Partie 2 : les immunothérapies en développement clinique dans la MA

D. Les immunothérapies anti-Aβ en développement clinique pour traiter la MA

1) Vaccination thérapeutique contre le peptide Aβ entier et méningoencéphalites

En 2000, les laboratoires Elan & Wyeth furent les premiers à transposer l’approche du vaccin anti-Aβ en clinique : ils couplèrent un peptide synthétique Aβ42 entier à l’adjuvant QS-

21. Ce vaccin, l’AN1792, était comparable à ceux testés sur les modèles de souris. Le peptide Aβ42 synthétique comporte des épitopes B et T, il est donc capable de stimuler une réponse

humorale et une réponse cellulaire [132].

La phase I de l’essai a été menée sur 80 patients atteints du stade léger à modéré de la MA [133]. Son but était d’évaluer la sécurité d’emploi du produit. Les sujets inclus ont reçu le vaccin complet AN1792, l’adjuvant seul (QS-21) ou le placebo. Seuls 20% des patients ont produit des anticorps en réponse à l’administration du vaccin. Par conséquent, un émulsifiant (le polysorbate 80) a été ajouté à la formulation aux derniers stades de la phase I afin d’augmenter la solubilité du peptide et améliorer la stabilité du vaccin. Aucun effet indésirable notable n’a été rapporté à la fin de cette phase. Bien que cet essai n’ait pas été conçu pour évaluer l’efficacité du produit, l’un des quatre critères d’évaluation clinique utilisés (score DAD) a montré un déclin de l’autonomie du patient significativement plus faible dans le groupe traité par le vaccin que dans le groupe témoin, après 84 semaines (p= 0.002). Les autres critères n’ont montré aucune différence entre le vaccin et le placebo [134].

Après ces résultats encourageants, le laboratoire a initié une étude de phase II sur 372 patients atteints de MA légère à modérée. 300 sujets devaient recevoir le vaccin, et 72 devaient recevoir un placebo pour permettre une comparaison des effets. La phase II devait permettre de tester l’efficacité du produit et de déterminer la dose optimale et ses effets indésirables éventuels.
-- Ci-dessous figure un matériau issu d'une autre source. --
(* Let $R$ be a commutative ring and $I$ an ideal of $R$ with $I\subseteq J(R)$. Then $R$ is locally stable if and only if $R/I$ is locally stable.
   Context: All rings are commutative with identity; $J(R)$ is the Jacobson radical. A ring $S$ has stable range 1 if whenever $aS+bS=S$ there is $y\in S$ with $a+by$ a unit. $S$ is locally stable if whenever $a,b\in S$ with $aS+bS=S$ there is $y\in S$ such that $S/(a+by)S$ has stable range 1. *)

(* Commutative rings with identity (possibly the zero ring)
   are modelled by [comPzRingType]. *)
From HB Require Import structures.
From mathcomp Require Import all_boot all_algebra.
Set Implicit Arguments. Unset Strict Implicit. Unset Printing Implicit Defensive.
Import GRing.Theory.
Local Open Scope ring_scope.

Definition is_unit (S : comPzRingType) (x : S) : Prop := exists y : S, x * y = 1.

(* I is an ideal of R (not required to be proper, not required decidable) *)
Definition is_ideal (R : comPzRingType) (I : R -> Prop) : Prop :=
  [/\ I 0, (forall x y, I x -> I y -> I (x + y)) & (forall r x, I x -> I (r * x))].

Definition is_maximal_ideal (R : comPzRingType) (M : R -> Prop) : Prop :=
  [/\ is_ideal M, ~ M 1 &
      forall N : R -> Prop, is_ideal N -> (forall x, M x -> N x) ->
        N 1 \/ (forall x, N x -> M x)].

Definition jacobson (R : comPzRingType) (x : R) : Prop :=
  forall M : R -> Prop, is_maximal_ideal M -> M x.

(* q : R -> Q presents Q as the quotient ring R/K:
   q is a surjective ring morphism whose kernel is exactly K. *)
Definition is_quotient_map (R Q : comPzRingType) (q : {rmorphism R -> Q})
  (K : R -> Prop) : Prop :=
  (forall z : Q, exists x : R, q x = z) /\ (forall x : R, q x = 0 <-> K x).

Definition comax (S : comPzRingType) (a b : S) : Prop :=
  exists u v : S, a * u + b * v = 1.

Definition stable_range1 (S : comPzRingType) : Prop :=
  forall a b : S, comax a b -> exists y : S, is_unit (a + b * y).

(* The quotient ring S/cS has stable range 1 (stated for every
   presentation of S/cS as a quotient of S). *)
Definition quotient_stable_range1 (S : comPzRingType) (c : S) : Prop :=
  forall (T : comPzRingType) (g : {rmorphism S -> T}),
    is_quotient_map g (fun x => exists s : S, x = c * s) -> stable_range1 T.

Definition locally_stable (S : comPzRingType) : Prop :=
  forall a b : S, comax a b -> exists y : S, quotient_stable_range1 (a + b * y).

From HB Require Import structures.
From mathcomp Require Import all_boot all_algebra.
From mathcomp Require Import boolp classical_sets ring.
Set Implicit Arguments. Unset Strict Implicit. Unset Printing Implicit Defensive.
Import GRing.Theory.
Local Open Scope ring_scope.

(* Elements x of the Jacobson radical have 1 + x a unit (Krull's lemma), so
   modulo an ideal contained in the radical comaximal pairs and units lift.
   Hence pairs (a, b) and witnesses y move back and forth between R and
   Q = R/I, and for c = a + b y the ring Q/(q c) is the quotient of R/cR by the
   image of I, which lies in the radical of R/cR; stable range 1 is insensitive
   to quotients by ideals inside the radical. *)

Section IdealClosure.
Variables (S : comPzRingType) (K : S -> Prop).
Hypothesis K_ideal : is_ideal K.

Lemma ideal0 : K 0. Proof. by case: K_ideal. Qed.

Lemma idealD x y : K x -> K y -> K (x + y).
Proof. by case: K_ideal => _ + _; apply. Qed.

Lemma idealMl r x : K x -> K (r * x). Proof. by case: K_ideal => _ _; apply. Qed.

Lemma idealN x : K x -> K (- x). Proof. by rewrite -mulN1r; apply: idealMl. Qed.

Lemma idealB x y : K x -> K y -> K (x - y).
Proof. by move=> Kx Ky; apply: idealD Kx (idealN Ky). Qed.

End IdealClosure.

Definition principal_ideal (S : comPzRingType) (c : S) : S -> Prop :=
  fun x => exists s, x = c * s.

Lemma principal_ideal_is_ideal (S : comPzRingType) (c : S) :
  is_ideal (principal_ideal c).
Proof.
split; first by exists 0; rewrite mulr0.
- by move=> _ _ [s ->] [t ->]; exists (s + t); rewrite mulrDr.
- by move=> r _ [s ->]; exists (r * s); rewrite mulrCA.
Qed.

Section MaximalIdeals.
Local Open Scope classical_set_scope.
Variable S : comPzRingType.

Lemma bigcup_ideal_chain (I : Type) (C : set I) (f : I -> set S) :
  C !=set0 -> (forall i, C i -> is_ideal (f i)) ->
  (forall i j, C i -> C j -> f i `<=` f j \/ f j `<=` f i) ->
  is_ideal (\bigcup_(i in C) f i).
Proof.
move=> [i0 Ci0] C_ideal C_chain; split.
- by exists i0 => //; exact: ideal0 (C_ideal _ Ci0).
- move=> x y [i Ci fi_x] [j Cj fj_y].
  have [fij|fji] := C_chain _ _ Ci Cj.
  + by exists j => //; apply: (idealD (C_ideal _ Cj)) => //; apply: fij.
  + by exists i => //; apply: (idealD (C_ideal _ Ci)) => //; apply: fji.
- by move=> r x [i Ci fi_x]; exists i => //; exact: (idealMl (C_ideal _ Ci)) fi_x.
Qed.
b) AN1792 et méningoencéphalites

i. Premières observations des méningoencéphalites avec l’AN1792

Cependant, en janvier 2002, l’essai de phase II a dû être interrompu précocement suite à la survenue de méningoencéphalites (ME) chez 6% (18/300) des patients traités par le vaccin [135] - [136]. La plupart des patients (88% ; 16/18) ont développé cette réaction après deux immunisations, avec une période de latence médiane de 40 jours.

La ME, qui est un processus inflammatoire cérébral, s’est principalement manifestée par une confusion, une céphalée et une léthargie. Certains patients ont également présenté des lésions au niveau de la substance blanche. La plupart des sujets ont été traités par des corticoïdes et deux patients ont dû subir une plasmaphérèse. Douze des patients ont retrouvé leur état initial, alors que six d’entre eux ont gardé des séquelles cognitives ou neurologiques.
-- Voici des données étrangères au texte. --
(* Let $\mu$ be a continuous probability measure on $\mathbb{R}^n$ and $\alpha\in[0,1]$. If $S\subset\mathbb{R}^n$ is a compact, connected set with $\mu(S)\ge\max\{\alpha,1-\alpha\}$, then there exists a function $f:S^{n-1}\to\mathbb{R}^n$ such that $\mu\big(H^+_{v,\langle v,f(v)\rangle}\big)=\alpha$ for all $v\in S^{n-1}$ and $\operatorname{Im} f\subset S$.
   Context: A continuous probability measure on $\mathbb{R}^n$ is a Borel probability measure absolutely continuous with respect to Lebesgue measure. For $v\ne 0$, $\lambda\in\mathbb{R}$: $H^+_{v,\lambda}=\{x\in\mathbb{R}^n:\langle x,v\rangle\ge\lambda\}$. *)

From HB Require Import structures.
From mathcomp Require Import all_boot all_order all_algebra.
From mathcomp Require Import all_classical all_reals all_analysis.
Set Implicit Arguments. Unset Strict Implicit. Unset Printing Implicit Defensive.
Import Order.TTheory GRing.Theory Num.Theory.
Import numFieldNormedType.Exports.
Local Open Scope classical_set_scope.
Local Open Scope ring_scope.

(* Points of R^n are row vectors 'rV[R]_n (with their standard topology).
   For measure theory we use n.-tuple R, equipped by MathComp-Analysis with
   the product (= Borel) sigma-algebra; the two are identified by the
   canonical bijection below. *)
Definition rV_of_tuple {R : realType} {n : nat} (t : n.-tuple R) : 'rV[R]_n :=
  \row_i tnth t i.

Definition dotp {R : realType} {n : nat} (x y : 'rV[R]_n) : R :=
  \sum_(i < n) x ord0 i * y ord0 i.

Definition unit_sphere (R : realType) (n : nat) : set 'rV[R]_n :=
  [set v | dotp v v = 1].

Definition halfspace_pos {R : realType} {n : nat} (v : 'rV[R]_n) (lam : R)
  : set 'rV[R]_n := [set x | lam <= dotp x v].

Definition box {R : realType} {n : nat} (a b : n.-tuple R) : set (n.-tuple R) :=
  [set x | forall i : 'I_n, tnth a i <= tnth x i <= tnth b i].

Definition box_volume {R : realType} {n : nat} (a b : n.-tuple R) : R :=
  \prod_(i < n) (tnth b i - tnth a i).

Definition lebesgue_null {R : realType} {n : nat} (A : set (n.-tuple R)) : Prop :=
  forall eps : R, 0 < eps ->
    exists a b : nat -> n.-tuple R,
      (forall k (i : 'I_n), tnth (a k) i <= tnth (b k) i) /\
      A `<=` \bigcup_k box (a k) (b k) /\
      (\sum_(0 <= k <oo) (box_volume (a k) (b k))%:E < eps%:E)%E.

(* A continuous probability measure on R^n: a Borel probability measure that is
   absolutely continuous w.r.t. Lebesgue measure. *)
Definition continuous_prob {R : realType} {n : nat}
  (mu : probability (n.-tuple R) R) : Prop :=
  forall A : set (n.-tuple R), measurable A -> lebesgue_null A -> mu A = 0%E.

Definition muR {R : realType} {n : nat} (mu : probability (n.-tuple R) R)
  (A : set 'rV[R]_n) : \bar R := mu (rV_of_tuple @^-1` A).
Arguments unit_sphere R n : clear implicits.

From HB Require Import structures.
From mathcomp Require Import all_boot all_order all_algebra.
From mathcomp Require Import all_classical all_reals all_analysis.
From mathcomp Require Import ring lra.
Import Order.TTheory GRing.Theory Num.Theory.
Import numFieldNormedType.Exports.
Local Open Scope classical_set_scope.
Local Open Scope ring_scope.

(* Fix a unit vector v.  Hyperplanes are Lebesgue-null (they are covered by
   thin boxes), hence mu-null, so t |-> mu {x | t <= <x,v>} is continuous.  The
   projection <S,v> is a compact interval [a,b] because S is compact and
   connected; at a the map is at least mu S >= alpha, and just above b it is at
   most 1 - mu S <= alpha.  An intermediate value t is attained, and it is the
   projection of a point of S. *)

Section tuple_measurability.
Context {R : realType} {n : nat}.

Lemma measurable_tnth_preimage (i : 'I_n) (B : set R) : measurable B ->
  measurable [set x : n.-tuple R | B (tnth x i)].
Proof. by move=> mB; have := measurable_tnth i measurableT mB; rewrite setTI. Qed.

Lemma measurable_box (a b : n.-tuple R) : measurable (box a b).
Proof.
have -> : box a b = \bigcap_(i in [set: 'I_n])
    [set x | [set` `[tnth a i, tnth b i]] (tnth x i)].
  apply/seteqP; split=> x /= hx i; first by move=> _; rewrite /= in_itv; apply: hx.
  by have := hx i I; rewrite /= in_itv.
by apply: fin_bigcap_measurable => // i _; apply: measurable_tnth_preimage.
Qed.
End tuple_measurability.

Section open_measurability.
Context {R : realType} {n : nat}.

Definition rat_box (p : n.-tuple rat * n.-tuple rat) : set (n.-tuple R) :=
  box [tuple ratr (tnth p.1 i) | i < n] [tuple ratr (tnth p.2 i) | i < n].

Lemma rat_box_nbhs {O : set 'rV[R]_n} {x : n.-tuple R} :
  open O -> O (rV_of_tuple x) ->
  exists p, rat_box p x /\ rat_box p `<=` rV_of_tuple @^-1` O.
Proof.
move=> oO Ox; have /nbhs_ballP[e /= e0 xeO] : nbhs (rV_of_tuple x) O.
  exact: open_nbhs_nbhs.
have lo i : {q : rat | ratr q \in `](tnth x i - e), (tnth x i)[}.
  by apply: cid; apply: rat_in_itvoo; rewrite ltrBlDr ltrDl.
have hi i : {q : rat | ratr q \in `](tnth x i), (tnth x i + e)[}.
  by apply: cid; apply: rat_in_itvoo; rewrite ltrDl.
exists ([tuple sval (lo i) | i < n], [tuple sval (hi i) | i < n]); split.
  move=> i; rewrite !tnth_mktuple.
  case: (lo i) => /= a; rewrite in_itv /= => /andP[_ /ltW ->].
  by case: (hi i) => /= b; rewrite in_itv /= => /andP[/ltW -> _].
move=> y yp; apply: xeO; rewrite mx_norm_ball /ball_ /=.
change (mx_norm (rV_of_tuple x - rV_of_tuple y) < e); rewrite mx_normrE.
apply: bigmax_lt => // -[i j] _ /=; rewrite (ord1 i) !mxE.
have := yp j; rewrite !tnth_mktuple /=.
case: (lo j) => /= a; rewrite in_itv /= => /andP[ha _].
case: (hi j) => /= b; rewrite in_itv /= => /andP[_ hb].
by move=> /andP[ay yb]; rewrite ltr_norml; apply/andP; split; lra.
Qed.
ii. Physiopathologie des méningoencéphalites liées à l’AN1792

La physiopathologie de la ME vaccinale n’a pas encore complètement été élucidée, mais la plupart des données révèlent le rôle déterminant de la réponse immune cellulaire, et plus particulièrement des lymphocytes T auxiliaires Th1 qui auraient été activés par l’Aβ42

[137].

Parmi ces preuves, on mentionnera notamment l’absence de corrélation entre la réponse immunitaire humorale (les titres d’anticorps anti-Aβ42) et les caractéristiques de la ME

(l’apparition des symptômes, leur sévérité ou leur disparition). 16% (3/18) des patients touchés n’avaient par exemple pas produit d’anticorps spécifiques (patients non-répondeurs). De plus, la majorité des patients répondeurs n’a pas développé de méningoencéphalite (70% des patients, 41/59) [135].
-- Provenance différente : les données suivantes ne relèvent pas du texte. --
Lemma msupp_extremes (R : nzRingType) (n : nat) (p : {mpoly R[n]}) (k l : 'X_{1..n}) :
  k != l -> p@_k != 0 -> p@_l != 0 ->
  exists k0 l0, [/\ k0 \in msupp p, l0 \in msupp p, l0 != k0
                  & {in msupp p, forall a, (l0 <= a)%O && (a <= k0)%O}].
Proof.
move=> k_neq_l pk pl.
have k_s : k \in msupp p by rewrite mcoeff_msupp.
have l_s : l \in msupp p by rewrite mcoeff_msupp.
have p_neq0 : p != 0 by apply: contraNneq pk => ->; rewrite mcoeff0.
exists (mlead p), (\big[Order.min/k]_(a <- msupp p) a).
have between : {in msupp p, forall a,
    (\big[Order.min/k]_(a <- msupp p) a <= a)%O && (a <= mlead p)%O}.
  by move=> a a_s; rewrite msupp_le_mlead // andbT; exact: ge_bigmin_seq.
split=> //; [exact: mlead_supp | exact: mem_bigmin_seq |].
apply: contraNneq k_neq_l => min_eq_lead.
have eq_lead a : a \in msupp p -> a = mlead p.
  by move=> a_s; apply/le_anti; rewrite -{2}min_eq_lead andbC between.
by rewrite (eq_lead k k_s) (eq_lead l l_s).
Qed.

Lemma sum_pairs_addm_extreme (R : nmodType) (n : nat) (s : seq 'X_{1..n})
    (F : 'X_{1..n} -> 'X_{1..n} -> R) (k0 l0 : 'X_{1..n}) :
  uniq s -> k0 \in s -> l0 \in s -> {in s, forall a, (l0 <= a)%O && (a <= k0)%O} ->
  \sum_(a <- s) \sum_(b <- s) F a b *+ ((a + l0)%MM == (b + k0)%MM) = F k0 l0.
Proof.
move=> s_uniq k0_s l0_s between.
have pair_eq a b : a \in s -> b \in s ->
    ((a + l0)%MM == (b + k0)%MM) = (a == k0) && (b == l0).
  move=> a_s b_s; case/andP: (between a a_s) => _ a_le; case/andP: (between b b_s) => b_ge _.
  exact: eqm_add_extreme.
rewrite (eq_big_seq (fun a => F a l0 *+ (a == k0))) ?sum_delta_seq // => a a_s.
by under eq_big_seq => b b_s do rewrite pair_eq // -mulnb mulrnA; rewrite sum_delta_seq.
Qed.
D’autre part, l’autopsie post-mortem des cerveaux de patients qui ont développé une méningoencéphalite a révélé une infiltration massive des lymphocytes T dans les leptoméninges autour des vaisseaux de deux patients, et plus particulièrement autour de l’amyloïde vasculaire. Cette infiltration est suggestive d’une réponse T auto-immune anti-Aβ [138] - [139] ; elle n’a pas été retrouvée chez les patients n’ayant pas développé une ME. Ces infiltrats étaient majoritairement composés de lymphocytes T CD4+ Th1 spécifiques du peptide Aβ42. Or, les Ly CD4+ Th1 activés produisent des cytokines pro-inflammatoires

(comme les INF-γ et les TNF-α), qui participent à l’immunité cellulaire et perturbent la BHE. Une augmentation des cytokines pro-inflammatoires INF-γ a d’ailleurs été retrouvée chez les patients répondeurs au traitement [137]. La réponse cellulaire au peptide Aβ42 serait donc à

l’origine de la méningoencéphalite.

iii. Cause des méningoencéphalites liées à l’AN1792

Les lymphocytes Th1 observés dans le cerveau des patients touchés ont probablement été activés par la présence de l’épitope T sur le peptide Aβ42 injecté. Comme seuls 6% des

patients ont montré des signes cliniques de méningoencéphalite, il est fortement probable que

ces lymphocytes Th1 aient été activés chez tous les patients immunisés mais que les symptômes cliniques ne soient pas apparus systématiquement.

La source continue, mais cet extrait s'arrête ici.